NHS Resolution, which was the NHS Litigation Authority, had previously said that pharmacies delivering COVID-19 vaccinations operating under a local enhanced service agreement (LES) would have state-backed indemnity insurance for their staff until the end of August 2021. After that date, it said, the Department of Health and Social Care (DHSC) would “agree an appropriate level of risk sharing with the community pharmacy sector for clinical negligence vaccine cover from the end of August 2021”.
The LES specification for phase 3, or ‘booster’ stage of the community pharmacy COVID-19 vaccination programme, published on 14 July 2021, said pharmacy contractors must ensure that they have “appropriate indemnity and/or insurance arrangements that provide adequate cover” for delivery of the LES agreement.
In a letter to vaccines minister Nadhim Zahawi, sent on 22 July 2021, Thorrun Govind, chair of the RPS English Pharmacy Board, asked for a review of the decision. “Expecting community pharmacists to now start paying for their own indemnity insurance is an extraordinary position” given that the government is seeking to widen uptake of vaccinations, Govind said.
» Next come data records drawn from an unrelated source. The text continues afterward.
Lemma linear_minorant_exists : exists xi, linear_fun xi /\ forall x, xi x <= p x.
Proof.
  destruct (@classical_sets.Zorn_bigcup (Z * R) minorant_graph minorant_graph_bigcup)
    as [A [HA A_max]].
  destruct (choice (fun x a => A (x, a)) (maximal_graph_total A HA A_max)) as [xi Hxi].
  exists xi. repeat split.
  - intros x y. apply (mg_fun _ HA (vadd x y)); [apply Hxi|]. apply (mg_add _ HA); apply Hxi.
  - intros r x. apply (mg_fun _ HA (vscal r x)); [apply Hxi|]. apply (mg_scal _ HA); apply Hxi.
  - intro x. apply (mg_le _ HA), Hxi.
Qed.

End HahnBanach.

Lemma linear_minorant_bounded {Z : NormedSpace} (p xi : Z -> R) :
  continuous_fun p -> p vzero = 0 -> linear_fun xi -> (forall x, xi x <= p x) ->
  exists M, forall x, Rabs (xi x) <= M * vnorm x.
Proof.
  intros p_cont p_0 Hxi Hle.
  destruct (p_cont vzero 1 Rlt_0_1) as [d [Hd Hball]].
  assert (Hsmall : forall y, vnorm y < d -> xi y < 1).
  { intros y Hy. apply Rle_lt_trans with (p y); [apply Hle|].
    specialize (Hball y). replace (vsub y vzero) with y in Hball by vring.
    specialize (Hball Hy). apply Rabs_def2 in Hball. lra. }
  exists (2 / d). intro x.
  destruct (Req_dec (vnorm x) 0) as [Hx0|Hx0].
  - apply vnorm_eq0 in Hx0. subst x.
    rewrite (linear_fun_0 xi Hxi), vnorm_0, Rabs_R0. lra.
  - set (N := vnorm x) in *.
    assert (HN : 0 < N) by (pose proof (vnorm_nonneg _ x); unfold N in *; lra).
    set (r := d / (2 * N)).
    assert (Hr : 0 < r) by (unfold r; apply Rdiv_lt_0_compat; lra).
    assert (Hnorm : forall r', Rabs r' = r -> vnorm (vscal r' x) < d).
    { intros r' Hr'. rewrite vnorm_scal, Hr'. fold N. unfold r. field_simplify; lra. }
    assert (Hplus := Hsmall _ (Hnorm r (Rabs_right r ltac:(lra)))).
    assert (Hminus := Hsmall _ (Hnorm (- r) ltac:(rewrite Rabs_Ropp; apply Rabs_right; lra))).
    destruct Hxi as [_ Hscal]. rewrite Hscal in Hplus, Hminus.
    assert (Habs : Rabs (xi x) * r < 1).
    { rewrite <- (Rabs_right r) by lra. rewrite <- Rabs_mult, Rmult_comm.
      apply Rabs_def1; lra. }
    apply Rmult_le_reg_r with r; [exact Hr|].
    replace (2 / d * N * r) with 1 by (unfold r; field; lra). lra.
Qed.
Ending state-backed indemnity for pharmacists would, Govind continued, create an “unnecessary and avoidable barrier to boosting the number of vaccinators and is inequitable with other health professions”.
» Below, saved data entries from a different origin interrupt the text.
Lemma fiter_sub6 n : fiter n - 6%:P = ('X - 6%:P) * \prod_(i < n) (fiter i + 2%:P).
Proof.
elim: n => [|n IH]; first by rewrite big_ord0 mulr1.
by rewrite big_ord_recr /= mulrA -IH /fiter /= -/(fiter n) f_comp !polyC_natr; ring.
Qed.

Lemma P_fiter n :
  P n = (fiter n - 6%:P) * \prod_(i < n) (fiter i - 4%:P) ^+ (2 * 4 ^ (n - i - 1)).
Proof.
elim: n => [|n IH]; first by rewrite P_0 big_ord0 mulr1.
rewrite P_succ IH rmorphM rmorph_prod /= big_ord_recl /= subn1 subn0 /=.
rewrite comp_polyB comp_polyC -fiterSr.
under eq_bigr => i _ do rewrite rmorphXn /= comp_polyB comp_polyC -fiterSr.
under [in RHS]eq_bigr => i _ do rewrite subSS.
by rewrite /fiter /=; ring.
Qed.

Lemma fiter_orbit2 k : (fiter k.+1).[2] = -10 \/ 6 < (fiter k.+1).[2].
Proof.
have fiterSE i : (fiter i.+1).[2] = f.[(fiter i).[2]] by rewrite /fiter /= horner_comp.
elim: k => [|k IH]; first by left; rewrite fiterSE /fiter /= /f !hornerE.
right; rewrite fiterSE /f !hornerE; case: IH => [->|]; first by [].
move: (fiter k.+1).[2] => z z_gt6; nia.
Qed.

Lemma fiter_orbit2_neq k (c : int) : -10 < c < 6 -> (fiter k.+1).[2] != c.
Proof. by move=> /andP[c_gt c_lt]; case: (fiter_orbit2 k) => [->|]; lia. Qed.

Lemma deriv_fiterS i : (fiter i.+1)^`() = (fiter i *+ 2 - 4%:P) * (fiter i)^`().
Proof.
rewrite /fiter /= -/(fiter i) deriv_comp /f !derivE; congr (_ * _).
by rewrite !comp_polyB !comp_polyD !comp_polyM !comp_polyC comp_polyX ?comp_poly0; ring.
Qed.

Lemma fiter_horner6 i : (fiter i).[6] = 6.
Proof.
by elim: i => [|i IH]; rewrite /fiter /= ?hornerX // horner_comp -/(fiter i) IH /f !hornerE.
Qed.

Section Multiplicities.

Variable R : numFieldType.
Implicit Types (x : R).

Local Notation fiterR i := (map_poly (intr : int -> R) (fiter i)).

Lemma fiterR_after2 k j x : (fiterR j).[x] = 2 -> (fiterR (k.+1 + j)).[x] = (fiter k.+1).[2]%:~R.
Proof. by move=> fj2; rewrite fiterD map_comp_poly horner_comp fj2 -[2]/(2%:~R) horner_map. Qed.

Lemma deriv_fiterR_neq0 i x :
  (forall j, (j < i)%N -> (fiterR j).[x] != 2) -> (fiterR i)^`().[x] != 0.
Proof.
elim: i => [|i IH] not2; first by rewrite map_polyX derivX hornerC oner_neq0.
rewrite deriv_map deriv_fiterS rmorphM /= -deriv_map hornerM mulf_neq0 //; last first.
  by apply: IH => j ji; apply: not2; rewrite ltnS ltnW.
rewrite rmorphB rmorphMn /= map_polyC /= !hornerE.
apply: contra (not2 i (ltnSn i)) => /eqP fi2; apply/eqP.
have : ((fiterR i).[x] - 2) *+ 2 = 0 by rewrite -[RHS]fi2; ring.
by move/eqP; rewrite mulrn_eq0 /= subr_eq0 => /eqP.
Qed.

Lemma mup_fiterR_subC i x (c : int) : -10 < c < 6 ->
  mup x (fiterR i - (c%:~R)%:P) = ((fiterR i).[x] == c%:~R : nat).
Proof.
move=> c_range; have [fic|fic] := eqVneq; last first.
  by apply: mupNroot; rewrite /root !hornerE subr_eq0.
apply: mup_simple_root; first by rewrite /root !hornerE fic subrr.
rewrite derivB derivC subr0; apply: deriv_fiterR_neq0 => j ji; apply/eqP => fj2.
have i_eq : i = ((i - j.+1).+1 + j)%N by rewrite addSnnS subnK.
have := fiter_orbit2_neq (i - j.+1) c_range.
by rewrite -(eqr_int R) -(fiterR_after2 _ fj2) -i_eq fic eqxx.
Qed.

Lemma fiterR_subC_neq0 i (c : int) : c != 6 -> fiterR i - (c%:~R)%:P != 0.
Proof.
move=> c_neq6; have at6 : (fiterR i - (c%:~R)%:P).[6] = (6 - c)%:~R.
  by rewrite !hornerE -[6 in LHS]/(6%:~R) horner_map fiter_horner6 rmorphB.
apply: contra_neq c_neq6 => p0; apply/eqP; rewrite eq_sym -subr_eq0 -(eqr_int R).
by rewrite -at6 p0 horner0.
Qed.

Lemma mup_map_P n x :
  mup x (map_poly intr (P n)) =
    ((x == 6%R) + \sum_(i < n) ((fiterR i).[x] == (-2)%R : nat)
     + \sum_(i < n) ((fiterR i).[x] == 4%R) * (2 * 4 ^ (n - i - 1)))%N.
Proof.
have X_sub6 : map_poly intr ('X - 6%:P) = 'X - ((6%:~R)%:P) :> {poly R}.
  by rewrite rmorphB /= map_polyX map_polyC.
have fiter_add2 i : map_poly intr (fiter i + 2%:P) = fiterR i - (((-2)%:~R)%:P).
  by rewrite rmorphD /= map_polyC polyCN opprK.
have fiter_sub4 i e : map_poly intr ((fiter i - 4%:P) ^+ e) = (fiterR i - (4%:~R)%:P) ^+ e.
  by rewrite rmorphXn rmorphB /= map_polyC.
have prod2_neq0 : \prod_(i < n) (fiterR i - ((-2)%:~R)%:P) != 0.
  by apply/prodf_neq0 => i _; apply: fiterR_subC_neq0.
have prod4_neq0 : \prod_(i < n) (fiterR i - (4%:~R)%:P) ^+ (2 * 4 ^ (n - i - 1)) != 0.
  by apply/prodf_neq0 => i _; rewrite expf_neq0 // fiterR_subC_neq0.
rewrite P_fiter fiter_sub6 !rmorphM !rmorph_prod /= X_sub6.
rewrite (eq_bigr _ (fun (i : 'I_n) _ => fiter_add2 i)).
rewrite (eq_bigr _ (fun (i : 'I_n) _ => fiter_sub4 i _)).
rewrite !mupM ?mulf_neq0 ?polyXsubC_eq0 // -(expr1 ('X - _)) mup_XsubCX eq_sym.
rewrite mup_prod => [|i]; last exact: fiterR_subC_neq0.
rewrite mup_prod => [|i]; last by rewrite expf_neq0 // fiterR_subC_neq0.
rewrite (eq_bigr _ (fun (i : 'I_n) _ => mup_fiterR_subC i x (c := -2) isT)).
rewrite (eq_bigr _ (fun (i : 'I_n) _ => mup_exp x _ (fiterR_subC_neq0 i (c := 4) isT))).
by rewrite (eq_bigr _ (fun (i : 'I_n) _ =>
  congr1 (muln^~ _) (mup_fiterR_subC i x (c := 4) isT))).
Qed.

End Multiplicities.

Theorem theorem3p4 (n : nat) : (1 <= n)%N ->
  P n = ('X - 6%:P) * (\prod_(i < n) (fiter i + 2%:P))
        * (\prod_(i < n) (fiter i - 4%:P) ^+ (2 * 4 ^ (n - i - 1))%N)
  /\
  (forall lam : algC,
     mup lam (map_poly intr (P n)) =
       ((lam == 6%R) : nat)
       + \sum_(i < n) (((map_poly intr (fiter i)).[lam] == (-2)%R) : nat)
       + \sum_(i < n) (((map_poly intr (fiter i)).[lam] == 4%R) * (2 * 4 ^ (n - i - 1)))%N)%N.
Proof.
(* The formula holds for n = 0 as well, where both sides are 'X - 6. *)
move=> _; split; first by rewrite P_fiter fiter_sub6.
exact: mup_map_P.
Qed.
“The entire pharmacy profession was appalled when community pharmacists were left out from the COVID-19 death in service benefits announced in April . It is incredibly disappointing to be revisiting this kind of issue now.”
Pharmacists have, Govind added, “been on the frontline of COVID-19 from the outset, delivering patient care in the most challenging of circumstances.
“They should not now be asked to pay personally out of their own pocket to help deliver this national ambition on vaccinations.”
In a letter sent to all pharmacy contractors in England on 14 July 2021, NHS England said the government was “working closely with the insurance sector to provide support for pharmacy contractors commissioned to deliver phase 3” of the vaccination programme.
The DHSC has been contacted for comment.